1단계 배양은 배양초기에 인편의 대량 생산을 가능케하도록 자구의 증식을 유도하기 위한 것으로, 배지에 생장조절 호르몬인 오옥신계의 NAA와 시토키닌계의 BA를 첨가한 배지에서 배양한다. 호르몬의 첨가량은 NAA 0.1~10㎎/ℓ 및 BA 0.1~10㎎/ℓ의 범위로 하는 것이 적당하며, 바람직하게는 NAA 0.3㎎/ℓ 및 BA 1.0㎎/ℓ을 첨가하는 것이 좋다. 이외에도, 오옥신계의 2,4-D(2,4-Dichlorophenoxy acetic acid)나 시토키닌계의 카이네틴(Kinetin, 이하 Ki라 한다)을 더 첨가할 수도 있다.One-step culturing is intended to induce proliferation of magnetic domains to enable mass production of scales at the beginning of cultivation, and is cultured in a medium in which growth control hormones, oxine-type NAA and cytokinin-based BA are added. The amount of the hormone added is preferably in the range of 0.1 to 10 mg / l NAA and 0.1 to 10 mg / l BA, and preferably 0.3 mg / l NAA and 1.0 mg / l BA. In addition, oxinine 2,4-D (2,4-Dichlorophenoxy acetic acid) or cytokininine kinetin (hereinafter referred to as Ki) may be further added.
2단계 배양은 1단계에서 증식된 수많은 자구들이 동일한 배양기내에서 단기간에 비대와 성숙의 과정을 거쳐 하나의 종구로서 이용될 수 있도록 하기 위한 것으로, 배양 중기부터 생장조절 호르몬이 배제된 MS배지만으로 배양을 실시한다.Two-stage culture is to allow a large number of multiplying cells grown in the first stage to be used as a single seed through a process of hypertrophy and maturation in a short period of time in the same incubator. Is carried out.
또한, 생물반응기 배양은 용존산소농도 40ppm, 교반기의 회전속도 100rpm에서 실시하는 것이 자구의 증식 및 비대에 가장 양호한 결과를 얻을 수 있으며, 이는 후술하는 실시예에서 확인할 수 있다.In addition, the bioreactor culture is carried out at a dissolved oxygen concentration of 40ppm, the rotation speed of the stirrer 100rpm can obtain the best results for the growth and enlargement of the magnetic domain, which can be confirmed in the examples described below.
이러한 2단계의 생물반응기 배양을 통하여 종구의 성장속도가 훨씬 빠르고, 많은 양의 종구를 동일 배양기에서 동일한 조건으로 배양할 수 있기 때문에 균일한 품질의 종구를 대량으로 공급할 수 있으며, 생성된 종구는 토양에서의 양성기간을 최대한 단축시킴으로써 실질적으로 개화촉진과 생산비 절감효과를 기대할 수 있다. 또한, 반응기의 크기를 조절함으로써 생산량을 임의로 조절할 수 있으며, 연속배양이 가능하여 산업적 생산을 위한 대량생산에 보다 적합하다고 할 수 있다.Through this two-step bioreactor culture, the growth rate of the species is much faster, and a large number of species can be cultured under the same conditions in the same incubator, thereby providing a large quantity of uniform quality seeds. By shortening the training period in Esau as much as possible, the effect of promoting flowering and reducing production costs can be expected. In addition, by adjusting the size of the reactor can be adjusted arbitrarily, it can be said that it is more suitable for mass production for industrial production because it is possible to continuously culture.
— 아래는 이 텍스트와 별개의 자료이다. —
(* Let $I$ be a binary, friendship-uniform instance with common friendship value $\phi=\phi_{\min}>1$ whose friendship graph $(N,F^* )$ has maximum degree $1$, and let $A$ be the (random) allocation output by FF-CT-RSD$^*$ on $I$ when all agents report their friendships truthfully and choose plots to maximize their utility. Then $\mathbb E(\mathrm{SW}(A))\ge\frac14\,\mathrm{OPT}(I)$.
   Context: Instance: agents $N$, $n=|N|$ plots $\mathcal V$, undirected plot graph $(\mathcal V,\mathcal E)$, valuations $u_i:\mathcal V\to\{0,1\}$ (binary), reciprocal friendship relation $F$ with $\phi_{i,j}=\phi$ for all $(i,j)\in F$ (friendship-uniform); $F^*=\{\{i,j\}:(i,j)\in F\}$. For an allocation (bijection) $A:N\to\mathcal V$, $U_i(A)=u_i(A(i))+\sum_{(i,j)\in F}\phi\,\mathbb I(\{A(i),A(j)\}\in\mathcal E)$, $\mathrm{SW}(A)=\sum_iU_i(A)$, $\mathrm{OPT}(I)=\max_A\mathrm{SW}(A)$. RSD$^*$: in each iteration, the remaining agents report whether they value some still-available plot positively; if some do, one of them is chosen uniformly at random and picks a plot; otherwise remaining agents are arbitrarily paired with remaining plots and the procedure stops. FF-CT-RSD$^*$: each agent reports a friend (or none); let $P$ be the set of pairs $\{i,j\}$ who report each other. While there exists a pair of adjacent unoccupied plots and $P\ne\emptyset$, a pair $\{i,j\}$ is removed from $P$ uniformly at random and $i$ and $j$ pick plots consecutively (in random order). Once $P=\emptyset$ or no two adjacent plots are unoccupied, RSD$^*$ is run on the remaining agents and plots. Expectation is over the mechanism's randomness. *)

From HB Require Import structures.
From mathcomp Require Import all_boot all_order all_algebra.
Set Implicit Arguments. Unset Strict Implicit. Unset Printing Implicit Defensive.
Import Order.TTheory GRing.Theory Num.Theory.
Local Open Scope ring_scope.

Section Model.
Variables (R : realFieldType) (N V : finType).
Variable E : rel V.
Variable u : N -> V -> bool.
Variable F : rel N.
Variable phi : R.

Definition util (A : {ffun N -> V}) (i : N) : R :=
  (u i (A i))%:R + \sum_(j | F i j) phi * (E (A i) (A j))%:R.

Definition SW (A : {ffun N -> V}) : R := \sum_i util A i.

(* OPT(I) = max over bijections N -> V (injective, #|N| = #|V|) of SW;
   SW >= 0, so starting the max at 0 is harmless. *)
Definition OPT : R :=
  \big[Order.max/0]_(A : {ffun N -> V} | injectiveb A) SW A.

Definition palloc := {ffun N -> option V}.
Definition free (pa : palloc) (v : V) : bool := [forall x, pa x != Some v].
Definition placed (pa : palloc) (i : N) (v : V) : palloc :=
  [ffun x => if x == i then Some v else pa x].
Definition adjfree (pa : palloc) : bool :=
  [exists v, exists w, [&& v != w, E v w, free pa v & free pa w]].
Definition pinj (pa : palloc) : Prop :=
  forall x y v, pa x = Some v -> pa y = Some v -> x = y.

(* the "arbitrary pairing" of remaining agents with remaining plots *)
Definition completion_ok (c : palloc -> {ffun N -> V}) : Prop :=
  forall pa, pinj pa -> injective (c pa) /\ (forall i v, pa i = Some v -> c pa i = v).

(* behaviour (choice) functions of the agents, indexed by the remaining
   step budget k (a function of the history):
   s1 k P pa a b : plot picked by a, first of the pair {a,b} (P = remaining pairs)
   s2 k P pa b   : plot picked by b, second of its pair
   s3 k pa i     : plot picked by i in RSD* *)
Record strat := Strat {
  s1 : nat -> {set {set N}} -> palloc -> N -> N -> V;
  s2 : nat -> {set {set N}} -> palloc -> N -> V;
  s3 : nat -> palloc -> N -> V }.

Variable c : palloc -> {ffun N -> V}.
Variable st : strat.

Definition rsd_set (pa : palloc) : {set N} :=
  [set i | (pa i == None) && [exists v, free pa v && u i v]].

(* expectation of f over the outcome of RSD* started at pa (budget k) *)
Fixpoint run2 (k : nat) (pa : palloc) (f : {ffun N -> V} -> R) : R :=
  match k with
  | 0 => f (c pa)
  | k'.+1 =>
    let S := rsd_set pa in
    if S == set0 then f (c pa) else
    \sum_(i in S) (#|S|%:R)^-1 * run2 k' (placed pa i (s3 st k' pa i)) f
  end.

(* expectation of f over the outcome of the friend phase of FF-CT-RSD*
   (remaining pairs P), followed by RSD* *)
Fixpoint run1 (k : nat) (P : {set {set N}}) (pa : palloc)
    (f : {ffun N -> V} -> R) : R :=
  match k with
  | 0 => f (c pa)
  | k'.+1 =>
    if (P != set0) && adjfree pa then
      \sum_(p in P) (#|P|%:R)^-1 *
        \sum_(ab : N * N | (ab.1 != ab.2) && (p == [set ab.1; ab.2]))
          2^-1 *
          (let P' := P :\ p in
           let pa1 := placed pa ab.1 (s1 st k' P' pa ab.1 ab.2) in
           let pa2 := placed pa1 ab.2 (s2 st k' P' pa1 ab.2) in
           run1 k' P' pa2 f)
    else run2 k pa f
  end.

(* utility maximisation (subgame-perfect, in expectation) of every choice *)
Definition rational : Prop :=
  (forall k P pa a b, (exists v, free pa v) ->
     free pa (s1 st k P pa a b) /\
     forall w, free pa w ->
       let val x := (let pa1 := placed pa a x in
                     run1 k P (placed pa1 b (s2 st k P pa1 b)) (util^~ a)) in
       val w <= val (s1 st k P pa a b)) /\
  (forall k P pa b, (exists v, free pa v) ->
     free pa (s2 st k P pa b) /\
     forall w, free pa w ->
       run1 k P (placed pa b w) (util^~ b)
         <= run1 k P (placed pa b (s2 st k P pa b)) (util^~ b)) /\
  (forall k pa i, (exists v, free pa v) ->
     free pa (s3 st k pa i) /\
     forall w, free pa w ->
       run2 k (placed pa i w) (util^~ i)
         <= run2 k (placed pa i (s3 st k pa i)) (util^~ i)).

(* truthful friend reports: each agent reports its (unique) friend, if any *)
Definition report (i : N) : option N := [pick j | F i j].

Definition P0 : {set {set N}} :=
  [set p : {set N} | [exists i, exists j,
     [&& report i == Some j, report j == Some i & p == [set i; j]]]].

Definition empty_alloc : palloc := [ffun => None].

Definition expected_SW : R := run1 #|N| P0 empty_alloc SW.

End Model.

(* Fix an optimal bijection A*. Call an unplaced agent valued if it values its plot under
   A* and that plot is still free, and call a friendship (i, j) adjacent if A* i and A* j
   are adjacent and both still free. By induction on the run, the expected welfare still
   to be collected by the unplaced agents is at least
     #valued / 4 + phi / 4 * min(#adjacent, #friendships whose pair is still to be drawn).
   In the friend phase each member of the drawn pair ends up with utility at least phi:
   whenever a free plot adjacent to his friend's exists the second picker takes one (it
   is worth phi > 1), so the first picker can secure phi by taking one end of a free
   adjacent pair of plots, and a payoff of phi forces the two plots to be adjacent. Two
   placements lower each count by at most 4, so the bound drops by at most 1 + phi <= 2 phi.
   The friend phase stops only when one of the two counts in the minimum is 0. In RSD*
   the picker earns 1 while #valued drops by at most 2. Initially the bound is a quarter
   of the welfare of A*, since every friendship of A* is still to be drawn. *)

From Pilot Require Import Defs.
From HB Require Import structures.
From mathcomp Require Import all_boot all_order all_algebra.
From mathcomp Require Import zify lra.
Set Implicit Arguments. Unset Strict Implicit. Unset Printing Implicit Defensive.
Import Order.TTheory GRing.Theory Num.Theory.
Local Open Scope ring_scope.

(* all_algebra also exports a [free] (linear independence of vectors). *)
Local Notation free := Defs.free.

Lemma mean_const (R : numFieldType) (T : finType) (S : {set T}) (K : R) :
  S != set0 -> \sum_(i in S) #|S|%:R^-1 * K = K.
Proof.
move=> S0; rewrite sumr_const -mulrnAl -mulr_natr mulVf ?mul1r //.
by rewrite pnatr_eq0 -lt0n card_gt0.
Qed.

Lemma eq_set2 (T : finType) (a b i j : T) : a != b -> [set a; b] = [set i; j] ->
  (a = i /\ b = j) \/ (a = j /\ b = i).
Proof.
move=> ab e.
have ha : a \in [set i; j] by rewrite -e set21.
have hb : b \in [set i; j] by rewrite -e set22.
move: ha hb; rewrite !inE => /orP[] /eqP ea /orP[] /eqP eb; subst;
  by [left | right | rewrite eqxx in ab].
Qed.

Lemma irr_rel_neq (T : eqType) (r : rel T) x y : irreflexive r -> r x y -> x != y.
Proof. by move=> irr; apply: contraTneq => ->; rewrite irr. Qed.

Lemma card_le_cover (T : finType) (A B C : {set T}) :
  A \subset B :|: C -> (#|A| <= #|B| + #|C|)%N.
Proof. by move=> /subset_leq_card /leq_trans; apply; rewrite cardsU leq_subr. Qed.

Lemma card_le_cover3 (T : finType) (A B C D : {set T}) :
  A \subset B :|: C :|: D -> (#|A| <= #|B| + #|C| + #|D|)%N.
Proof.
move=> /card_le_cover /leq_trans; apply.
by rewrite leq_add2r; apply: card_le_cover.
Qed.

Lemma natr_card_set (R : pzSemiRingType) (T : finType) (Q : pred T) :
  (#|[set x | Q x]|%:R : R) = \sum_x (Q x)%:R.
Proof.
rewrite -sum1dep_card natr_sum big_mkcond.
by apply: eq_bigr => x _; case: (Q x).
Qed.

Section PartialAllocation.
Variables (N V : finType) (E : rel V).
Implicit Types (pa : palloc N V) (A : {ffun N -> V}).

Definition extends pa A := forall i v, pa i = Some v -> A i = v.

Definition unplaced pa := [set i | pa i == None].

Lemma free_neq pa v i : free pa v -> pa i <> Some v.
Proof. by move=> /forallP /(_ i) /eqP. Qed.

Lemma free_placed pa i x v : free pa v -> v != x -> free (placed pa i x) v.
Proof.
move=> fv vx; apply/forallP => t; rewrite ffunE.
case: (t =P i) => _; last by apply/eqP; apply: free_neq fv.
by apply: contraNneq vx => -[->].
Qed.

Lemma pinj_placed pa i v : pinj pa -> free pa v -> pinj (placed pa i v).
Proof.
move=> inj fv x y w; rewrite !ffunE.
case: eqP => [->|_]; case: eqP => [->|_] //.
- by move=> [<-] /free_neq.
- by move=> + [vw]; rewrite -vw => /free_neq.
- exact: inj.
Qed.

Lemma extends_placed pa i v A :
  pa i = None -> extends (placed pa i v) A -> extends pa A.
Proof.
move=> pai ext j w paj; apply: ext; rewrite ffunE.
by case: eqP => // ji; rewrite ji pai in paj.
Qed.

Lemma extends_placed_at pa i v A : extends (placed pa i v) A -> A i = v.
Proof. by apply; rewrite ffunE eqxx. Qed.

Lemma card_unplaced_placed pa i v :
  pa i = None -> (#|unplaced (placed pa i v)| < #|unplaced pa|)%N.
Proof.
move=> pai; apply: proper_card; apply/properP; split.
  by apply/subsetP => j; rewrite !inE ffunE; case: (j =P i).
by exists i; rewrite !inE ?ffunE ?pai ?eqxx.
Qed.

Lemma free_empty v : free (empty_alloc N V) v.
Proof. by apply/forallP => i; rewrite ffunE. Qed.

Lemma adjfreeP pa :
  adjfree E pa -> exists v w, [/\ v != w, E v w, free pa v & free pa w].
Proof. by move=> /existsP [v /existsP [w /and4P [*]]]; exists v, w. Qed.

Lemma adjfree_ex_free pa : adjfree E pa -> exists v, free pa v.
Proof. by move=> /adjfreeP [v [w [_ _ fv _]]]; exists v. Qed.

Lemma adjfree_ex_free_placed pa a z :
  adjfree E pa -> exists v, free (placed pa a z) v.
Proof.
move=> /adjfreeP [v [w [vw _ fv fw]]].
have [vz|vz] := eqVneq v z; last by exists v; apply: free_placed.
by exists w; apply: free_placed fw _; rewrite -vz eq_sym.
Qed.

End PartialAllocation.

Section Expectation.
Variables (R : realFieldType) (N V : finType) (E : rel V) (u : N -> V -> bool).
Variables (c : palloc N V -> {ffun N -> V}) (st : strat N V).
Local Notation run1 := (@run1 R N V E u c st).
Local Notation run2 := (@run2 R N V u c st).

Lemma eq_run2 k pa f g : f =1 g -> run2 k pa f = run2 k pa g.
Proof.
move=> fg; elim: k pa => [|k IH] pa /=; first exact: fg.
by case: ifP => _; [exact: fg | apply: eq_bigr => i _; rewrite IH].
Qed.

Lemma run2D k pa f g : run2 k pa (fun A => f A + g A) = run2 k pa f + run2 k pa g.
Proof.
elim: k pa => [|k IH] pa //=; case: ifP => // _.
by rewrite -big_split; apply: eq_bigr => i _; rewrite IH mulrDr.
Qed.

Lemma run2_const k pa K : run2 k pa (fun=> K) = K.
Proof.
elim: k pa => [|k IH] pa //=; case: ifP => // /negbT S0.
by under eq_bigr do rewrite IH; rewrite mean_const.
Qed.

Lemma eq_run1 k P pa f g : f =1 g -> run1 k P pa f = run1 k P pa g.
Proof.
move=> fg; elim: k P pa => [|k IH] P pa /=; first exact: fg.
case: ifP => _; last exact: (eq_run2 k.+1 pa fg).
by apply: eq_bigr => p _; congr (_ * _); apply: eq_bigr => ab _; rewrite IH.
Qed.

Lemma run1D k P pa f g :
  run1 k P pa (fun A => f A + g A) = run1 k P pa f + run1 k P pa g.
Proof.
elim: k P pa => [|k IH] P pa //=; case: ifP => _; last exact: (run2D k.+1).
rewrite -big_split; apply: eq_bigr => p _ /=; rewrite -mulrDr -big_split /=.
by congr (_ * _); apply: eq_bigr => ab _; rewrite IH mulrDr.
Qed.

Lemma mean_ordered_pairs (p : {set N}) (K : R) : #|p| = 2 ->
  \sum_(ab : N * N | (ab.1 != ab.2) && (p == [set ab.1; ab.2])) 2^-1 * K = K.
Proof.
move=> /eqP /cards2P [i [j [ij ->]]].
rewrite (eq_bigl [in [set (i, j); (j, i)]]); last first.
  move=> [a b] /=; rewrite !inE; apply/andP/orP.
  - by move=> [ab /eqP/esym/(eq_set2 ab)] [[-> ->]|[-> ->]]; [left | right].
  - by move=> [] /eqP [-> ->]; rewrite ?[[set j; i]]setUC eqxx // eq_sym.
rewrite sumr_const cards2.
have -> : (i, j) != (j, i) by apply: contraNneq ij => -[->].
by rewrite /= mulr2n; lra.
Qed.

Lemma run1_const k (P : {set {set N}}) pa (K : R) :
  {in P, forall p : {set N}, #|p| = 2} -> run1 k P pa (fun=> K) = K.
Proof.
elim: k P pa => [|k IH] P pa P2 //=; case: ifP => [/andP [P0 _]|_].
  rewrite -[RHS](mean_const K P0); apply: eq_bigr => p Pp; congr (_ * _).
  rewrite -[RHS](mean_ordered_pairs K (P2 p Pp)); apply: eq_bigr => ab _.
  by rewrite IH // => q /setD1P [_ /P2].
exact: (run2_const k.+1).
Qed.

End Expectation.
이하, 여러 실시예를 통하여 생물반응기 배양에 적합한 배양조건을 찾기 위한 다양한 조건에서의 조직배양 및 이를 기초로 한 생물반응기 배양에 대하여 구체적으로 설명한다. 그러나 본 발명이 이들 실시예에 한정되는 것은 아니다.Hereinafter, tissue culture under various conditions and bioreactor cultivation based on the same will be described in detail through various embodiments to find suitable culture conditions for culturing the bioreactor. However, the present invention is not limited to these examples.
참고예 1Reference Example 1
오리엔탈계의 카사브랑카(Casablanca), 아시아틱계의 코넥티컷 킹(Connecticut king), 롱기플로룸(longiflorum)계의 히나모토(Hinamoto)의 3종의 백합으로부터 구근을 채취하여 흐르는 수돗물에 하룻밤 동안 세척하였다.Bulbs are collected from three different lilies of Oriental Casacaña, Asian Connecticut kings, and Hinamoto of longiflorums and washed overnight under running tap water. It was.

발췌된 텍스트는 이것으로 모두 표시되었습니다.